ABOUT THIS EXERCISE: If a line in the data below contains "family", copy it.

DATASET:
Lemma dsumL_mx2 a b c d : dsumL (mx2 a b c d) = mx3 1 0 0 0 a b 0 c d.
Proof.
apply/matrixP => i j.
by case: i => [[|[|[|i]]] Hi]; case: j => [[|[|[|j]]] Hj] //; block_entries.
Qed.

Lemma dsumR_mul A B : dsumR A *m dsumR B = dsumR (A *m B).
Proof.
rewrite /dsumR; etransitivity; first exact: (@mulmx_block _ 2 1 2 1 2 1).
by rewrite !(mulmx0, mul0mx, addr0, add0r) mul1mx.
Qed.

Lemma dsumR1 : dsumR (1%:M : 'M[C]_2) = 1%:M.
Proof. by rewrite /dsumR [RHS](scalar_mx_block 2 1). Qed.

Lemma dsumL1 : dsumL (1%:M : 'M[C]_2) = 1%:M.
Proof. by rewrite /dsumL [RHS](scalar_mx_block 1 2). Qed.

Lemma dsumR_inj : injective (@dsumR R).
Proof. by move=> A B /(@eq_block_mx _ 2 1 2 1) []. Qed.

Lemma unitmx_dsumR A : (dsumR A \in unitmx) = (A \in unitmx).
Proof. by have := @block_diag_mx_unit _ 2 1 A 1%:M; rewrite unitmx1 andbT. Qed.

Lemma invmx_dsumR A : A \in unitmx -> invmx (dsumR A) = dsumR (invmx A).
Proof.
rewrite -unitmx_dsumR => uA.
by have := @invmx_block_diag _ 2 1 A 1%:M uA; rewrite invmx1.
Qed.

Lemma dsumL_dsumR_diag2 p :
  dsumL (diag2 p 1) *m dsumR (diag2 p 1) = dsumR p%:M /\
  dsumR (diag2 p 1) *m dsumL (diag2 p 1) = dsumR p%:M.
Proof.
rewrite scalar_mx2 !dsumR_mx2 dsumL_mx2 !mul_mx3.
by split; congr mx3; ring.
Qed.

End DirectSums.

Section Representations.
Variable R : realType.
Local Notation C := R[i].
Implicit Types (S Rm T G : 'M[C]_2) (eta : stvb_gen -> 'M[C]_3).

Lemma eta_of_local_rep eta S Rm T G :
  local_rep_with eta S Rm T G G -> eta = eta_of S Rm T G.
Proof.
case=> [[[sig_inv _ _ _ _] _] [uS _ _ _] eta_sig eta_rho [eta_tau eta_g1 eta_g2]].
have eta_sig_inv : eta sig1inv = dsumR (invmx S).
  by rewrite -invmx_dsumR // -eta_sig (invmx_eq sig_inv).
by apply: functional_extensionality; case.
Qed.

Lemma homogeneous_gamma_cases Rm G : G *m G = 1%:M ->
  dsumR G *m dsumL G = dsumL G *m dsumR G ->
  dsumR Rm *m dsumR G = dsumL G *m dsumR Rm ->
  G = I2 R \/ [/\ G = diag2 (-1) 1, Rm 0 0 = 0 & Rm 1 1 = 0].
Proof.
rewrite [in dsumR Rm](mx2E Rm) (mx2E G) I2E mul_mx2 scalar_mx2.
rewrite !dsumR_mx2 !dsumL_mx2 !mul_mx3.
move: (G 0 0) (G 0 1) (G 1 0) (G 1 1) (Rm 0 0) (Rm 0 1) (Rm 1 0) (Rm 1 1).
move=> p q r s u v w t.
move=> /mx2_inj [pp _ _ _] /mx3_inj [[_ _ qq] _ [rr _ _]].
move=> /mx3_inj [[up _ _] [_ tp _] [_ _ s1]].
rewrite !(mul0r, mulr0, mul1r, mulr1, addr0, add0r) in qq rr up tp s1.
have q0 : q = 0 by apply/eqP; rewrite -[q == 0]orbb -mulf_eq0 qq.
have r0 : r = 0 by apply/eqP; rewrite -[r == 0]orbb -mulf_eq0 -rr.
subst q r s; rewrite !(mulr0, addr0, add0r, mulr1) in pp up tp.
have [p1 | pN1] := sqr_eq1 pp; first by left; rewrite p1.
right; split; rewrite ?pN1 //; apply/eqP; rewrite -eqNr.
  by rewrite -mulrN1 -pN1 up.
by rewrite -mulN1r -pN1 -tp.
Qed.

Lemma gamma_conj_dsumR G M :
  (G = I2 R \/ G = diag2 (-1) 1) ->
  dsumL G *m dsumR G *m dsumR M *m dsumR G *m dsumL G = dsumR M.
Proof.
move=> HG; have [p [-> pp]] : exists p, G = diag2 p 1 /\ p * p = 1.
  by case: HG => ->; [exists 1; rewrite I2E mulr1 | exists (-1); rewrite mulrNN mulr1].
have [LR RL] := dsumL_dsumR_diag2 p.
rewrite -mulmxA RL LR !dsumR_mul mul_scalar_mx -scalemxAl mul_mx_scalar.
by rewrite scalerA pp scale1r.
Qed.

Lemma eta_of_relations S Rm T G : stvb_rep (eta_of S Rm T G) ->
  [/\ Rm *m Rm = 1%:M, Rm *m S = S *m Rm, Rm *m T = T *m Rm, S *m T = T *m S
    & G = I2 R \/ [/\ G = diag2 (-1) 1, Rm 0 0 = 0 & Rm 1 1 = 0]].
Proof.
rewrite /stvb_rep /= => -[[_ _ RR GG _] [gam_comm rho_gam rho_sig sig_tau rho_tau]].
have RR2 : Rm *m Rm = 1%:M by apply: dsumR_inj; rewrite -dsumR_mul RR dsumR1.
have GG2 : G *m G = 1%:M by apply: dsumR_inj; rewrite -dsumR_mul GG dsumR1.
have HG := homogeneous_gamma_cases GG2 gam_comm rho_gam.
have conj M : dsumL G *m dsumR G *m dsumR M *m dsumR G *m dsumL G = dsumR M.
  by apply: gamma_conj_dsumR; case: HG => [|[]]; [left | right].
split => //; [apply: involution_conj_commute => // ..|]; apply: dsumR_inj.
- by rewrite -!dsumR_mul rho_sig conj.
- by rewrite -!dsumR_mul rho_tau conj.
- by rewrite -!dsumR_mul sig_tau.
Qed.

Lemma stvb_rep_extend eta : stvb_rep eta -> eta tau1 \in unitmx ->
  stvg_rep (extend_to_stvg eta).
Proof.
case=> [[sig_inv _ RR G1 G2] [gam_comm rho_gam rho_sig sig_tau rho_tau]] uT.
have gam_inv : eta gam2 *m eta gam1 *m (eta gam1 *m eta gam2) = 1%:M.
  by rewrite -mulmxA (mulmxA (eta gam1)) G1 mul1mx G2.
have rho_tau_inv : eta rho1 *m invmx (eta tau1) *m eta rho1 =
    eta gam2 *m eta gam1 *m invmx (eta tau1) *m eta gam1 *m eta gam2.
  rewrite -(invmx_conj RR uT) rho_tau -[in LHS](mulmxA _ (eta gam1)).
  by rewrite (invmx_conj gam_inv uT) !mulmxA.
split; [case | by [] | exact: rho_sig | split | split].
- exact: (mulmx1_unit sig_inv).1.
- exact: (mulmx1_unit RR).1.
- exact: uT.
- by rewrite unitmx_inv.
- exact: (mulmx1_unit G1).1.
- exact: (mulmx1_unit G2).1.
- exact: sig_tau.
- exact: rho_tau.
- exact: commute_invmx.
- exact: rho_tau_inv.
- exact: mulmxV.
- exact: mulVmx.
Qed.

End Representations.

Section Classification.
Variable R : realType.
Local Notation C := R[i].
Implicit Types a b c d f g h k u v w t : C.

Lemma rep_equiv_eta_of_eq (S Rm T G S' R' T' G' : 'M[C]_2) :
  S = S' -> Rm = R' -> T = T' -> G = G' ->
  rep_equiv (eta_of S Rm T G) (eta_of S' R' T' G').
Proof.
move=> -> -> -> ->; exists 1%:M; split; first exact: unitmx1.
by move=> x; rewrite invmx1 mul1mx mulmx1.
Qed.

Lemma rep_equiv_conj (Q Q' S Rm T S' R' T' : 'M[C]_2) :
  Q *m Q' = 1%:M -> S' \in unitmx ->
  S = Q *m S' *m Q' -> Rm = Q *m R' *m Q' -> T = Q *m T' *m Q' ->
  rep_equiv (eta_of S Rm T (I2 R)) (eta_of S' R' T' (I2 R)).
Proof.
move=> QQ' uS -> -> ->; exists (dsumR Q); split.
  by rewrite unitmx_dsumR; case: (mulmx1_unit QQ').
have -> : invmx (dsumR Q) = dsumR Q'.
  by apply: invmx_eq; rewrite dsumR_mul QQ' dsumR1.
case; rewrite /= ?dsumR_mul ?invmx_conj //.
- by rewrite /I2 mulmx1 QQ'.
- by rewrite /I2 dsumL1 mulmx1 dsumR_mul QQ' dsumR1.
Qed.

Lemma neq0_eq_mul (x y z : C) : x != 0 -> y != 0 -> z = x * y -> z != 0.
Proof. by move=> x0 y0 ->; rewrite mulf_neq0. Qed.

Lemma commuting_mx2_cases a b c d f g h k :
  mx2 a b c d *m mx2 f g h k = mx2 f g h k *m mx2 a b c d ->
  [\/ b != 0 /\ (h = g * c / b /\ k = f + g * (d - a) / b),
      [/\ b = 0, c != 0 & g = 0 /\ k = f + h * (d - a) / c],
      [/\ b = 0, c = 0 & d = a] |
      [/\ b = 0, c = 0, a != d & g = 0 /\ h = 0]].
Proof.
move=> ST; have [b0|b_neq0] := eqVneq b 0; last first.
  by constructor 1; split => //; apply: mx2_commutant_upper ST.
subst b; have [c0|c_neq0] := eqVneq c 0; last first.
  have [-> ->] := mx2_commutant_lower c_neq0 ST.
  by constructor 2; split; rewrite ?mulr0 ?mul0r.
subst c; have [ad|a_neq_d] := eqVneq a d; first by constructor 3.
by constructor 4; split => //; apply: mx2_commutant_diag ST.
Qed.

Lemma families_antidiagonal a b c d v w f g h k :
  a * d - b * c != 0 -> v * w = 1 ->
  mx2 0 v w 0 *m mx2 a b c d = mx2 a b c d *m mx2 0 v w 0 ->
  mx2 0 v w 0 *m mx2 f g h k = mx2 f g h k *m mx2 0 v w 0 ->
  thirteen_families
    (eta_of (mx2 a b c d) (mx2 0 v w 0) (mx2 f g h k) (diag2 (-1) 1)).
Proof.
move=> detS vw RS RT.
have v0 : v != 0 by rewrite -unitfE; apply/unitrPr; exists w.
have ew : w = v^-1 by rewrite -[w]mul1r -(mulVf v0) -mulrA vw mulr1.
have [ec ed] := mx2_commutant_upper v0 RS.
have [eh ek] := mx2_commutant_upper v0 RT.
subst w c d h k; left; exists a, b, f, g, v; split => //.
  by apply: (neq0_eq_mul (expf_neq0 2 v0) detS); field.
by apply: rep_equiv_eta_of_eq => //; congr mx2; field.
Qed.

Lemma families_R01_neq0 a b c d u v w t f g h k : v != 0 ->
  a * d - b * c != 0 -> mx2 u v w t *m mx2 u v w t = 1%:M ->
  mx2 u v w t *m mx2 a b c d = mx2 a b c d *m mx2 u v w t ->
  mx2 u v w t *m mx2 f g h k = mx2 f g h k *m mx2 u v w t ->
  thirteen_families (eta_of (mx2 a b c d) (mx2 u v w t) (mx2 f g h k) (I2 R)).
Proof.
move=> v0 detS /mx2_involution [uw ut _ _] RS RT.
have et : t = - u.
  by move/eqP: ut; rewrite mulf_eq0 (negPf v0) addrC addr_eq0 => /eqP.
have ew : w = (1 - u * u) / v by apply: (mulfI v0); rewrite -uw; field.
have [ec ed] := mx2_commutant_upper v0 RS.
have [eh ek] := mx2_commutant_upper v0 RT.
subst t w c d h k; right; left; exists a, b, f, g, v, (- u); split => //.
  by apply: (neq0_eq_mul (expf_neq0 2 v0) detS); field.
by apply: rep_equiv_eta_of_eq; rewrite ?I2E //; congr mx2; field.
Qed.

Lemma families_R10_neq0 a b c d u w t f g h k : w != 0 ->
  a * d - b * c != 0 -> mx2 u 0 w t *m mx2 u 0 w t = 1%:M ->
  mx2 u 0 w t *m mx2 a b c d = mx2 a b c d *m mx2 u 0 w t ->
  mx2 u 0 w t *m mx2 f g h k = mx2 f g h k *m mx2 u 0 w t ->
  thirteen_families (eta_of (mx2 a b c d) (mx2 u 0 w t) (mx2 f g h k) (I2 R)).
Proof.
move=> w0 detS /mx2_involution [uu _ ut _] RS RT.
rewrite mul0r addr0 in uu.
have et : t = - u.
  by move/eqP: ut; rewrite mulf_eq0 (negPf w0) addrC addr_eq0 => /eqP.
have [eb ed] := mx2_commutant_lower w0 RS.
have [eg ek] := mx2_commutant_lower w0 RT.
rewrite !mulr0 !mul0r in eb eg.
subst t b d g k; rewrite mul0r subr0 in detS.
case: (sqr_eq1 uu) => eu; subst u.
- do 6 right; left; exists a, c, f, h, w; split => //.
    by apply: (neq0_eq_mul detS w0); field.
  by apply: rep_equiv_eta_of_eq; rewrite ?I2E //; congr mx2; field.
- do 7 right; left; exists a, c, f, h, w; split => //.
    by apply: (neq0_eq_mul detS w0); field.
  by apply: rep_equiv_eta_of_eq; rewrite ?I2E //; congr mx2; field.
Qed.

Lemma families_R_I2 a b c d f g h k : a * d - b * c != 0 ->
  mx2 a b c d *m mx2 f g h k = mx2 f g h k *m mx2 a b c d ->
  thirteen_families (eta_of (mx2 a b c d) (I2 R) (mx2 f g h k) (I2 R)).
Proof.
move=> detS /commuting_mx2_cases
  [[b0 [eh ek]] | [eb c0 [eg ek]] | [eb ec ed] | [eb ec _ [eg eh]]]; subst.
- do 3 right; left; exists a, b, c, d, f, g; split => //.
  by apply: rep_equiv_eta_of_eq => //; congr mx2; field.
- rewrite mul0r subr0 in detS; do 9 right; left; exists a, c, d, f, h; split => //.
  by apply: rep_equiv_eta_of_eq => //; congr mx2; field.
- rewrite mulr0 subr0 -expr2 expf_eq0 /= in detS.
  do 8 right; left; exists a, f, g, h, k; split => //.
  by apply: rep_equiv_eta_of_eq; rewrite ?scalar_mx2.
- rewrite mulr0 subr0 in detS; do 12 right; exists a, d, f, k; split => //.
  exact: rep_equiv_eta_of_eq.
Qed.

Lemma families_R_opp_I2 a b c d f g h k : a * d - b * c != 0 ->
  mx2 a b c d *m mx2 f g h k = mx2 f g h k *m mx2 a b c d ->
  thirteen_families (eta_of (mx2 a b c d) (- I2 R) (mx2 f g h k) (I2 R)).
Proof.
move=> detS /commuting_mx2_cases
  [[b0 [eh ek]] | [eb c0 [eg ek]] | [eb ec ed] | [eb ec ad [eg eh]]]; subst.
- do 2 right; left; exists a, b, c, d, f, g; split => //.
  by apply: rep_equiv_eta_of_eq => //; congr mx2; field.
- rewrite mul0r subr0 in detS; do 5 right; left; exists a, c, d, f, h; split => //.
  by apply: rep_equiv_eta_of_eq => //; congr mx2; field.
- rewrite mulr0 subr0 -expr2 expf_eq0 /= in detS.
  do 4 right; left; exists a, f, g, h, k; split => //.
  by apply: rep_equiv_eta_of_eq; rewrite ?scalar_mx2.
(* No family has [R = -I] with diagonal [S]: conjugating by [[1,1],[0,1]]
   moves [diag(a, d)] into family (3) with [b = a - d]. *)
- rewrite mulr0 subr0 in detS; have a_d : a - d != 0 by rewrite subr_eq0.
  do 2 right; left; exists a, (a - d), 0, d, f, (f - k); split.
  + by rewrite mulr0 subr0.
  + exact: a_d.
  have QQ' : mx2 1 1 0 1 *m mx2 1 (-1) 0 1 = 1%:M :> 'M[C]_2.
    by rewrite mul_mx2 scalar_mx2; congr mx2; ring.
  apply: (rep_equiv_conj QQ').
  + by rewrite unitmx_mx2 mulr0 subr0.
  + by rewrite !mul_mx2; congr mx2; ring.
  + by rewrite mulmxN mulNmx /I2 mulmx1 QQ'.
  + by rewrite !mul_mx2; congr mx2; field.
Qed.

Lemma families_R_diagonal a b c d u t f g h k :
  a * d - b * c != 0 -> u * u = 1 -> t * t = 1 ->
  mx2 u 0 0 t *m mx2 a b c d = mx2 a b c d *m mx2 u 0 0 t ->
  mx2 u 0 0 t *m mx2 f g h k = mx2 f g h k *m mx2 u 0 0 t ->
  mx2 a b c d *m mx2 f g h k = mx2 f g h k *m mx2 a b c d ->
  thirteen_families (eta_of (mx2 a b c d) (mx2 u 0 0 t) (mx2 f g h k) (I2 R)).
Proof.
move=> detS uu tt RS RT ST.
have [<-|u_neq_t] := eqVneq u t.
  case: (sqr_eq1 uu) => ->; first by rewrite -I2E; exact: families_R_I2.
  by rewrite -oppr0 -oppmx2 -I2E; exact: families_R_opp_I2.
have [eb ec] := mx2_commutant_diag u_neq_t RS.
have [eg eh] := mx2_commutant_diag u_neq_t RT.
subst b c g h; rewrite mulr0 subr0 in detS.
case: (sqr_eq1 uu) (sqr_eq1 tt) u_neq_t => -> [] ->; rewrite ?eqxx // => _.
- by do 10 right; left; exists a, d, f, k; split; last exact: rep_equiv_eta_of_eq.
- by do 11 right; left; exists a, d, f, k; split; last exact: rep_equiv_eta_of_eq.
Qed.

EXERCISE RESULT:
(* No family has [R = -I] with diagonal [S]: conjugating by [[1,1],[0,1]]
   moves [diag(a, d)] into family (3) with [b = a - d]. *)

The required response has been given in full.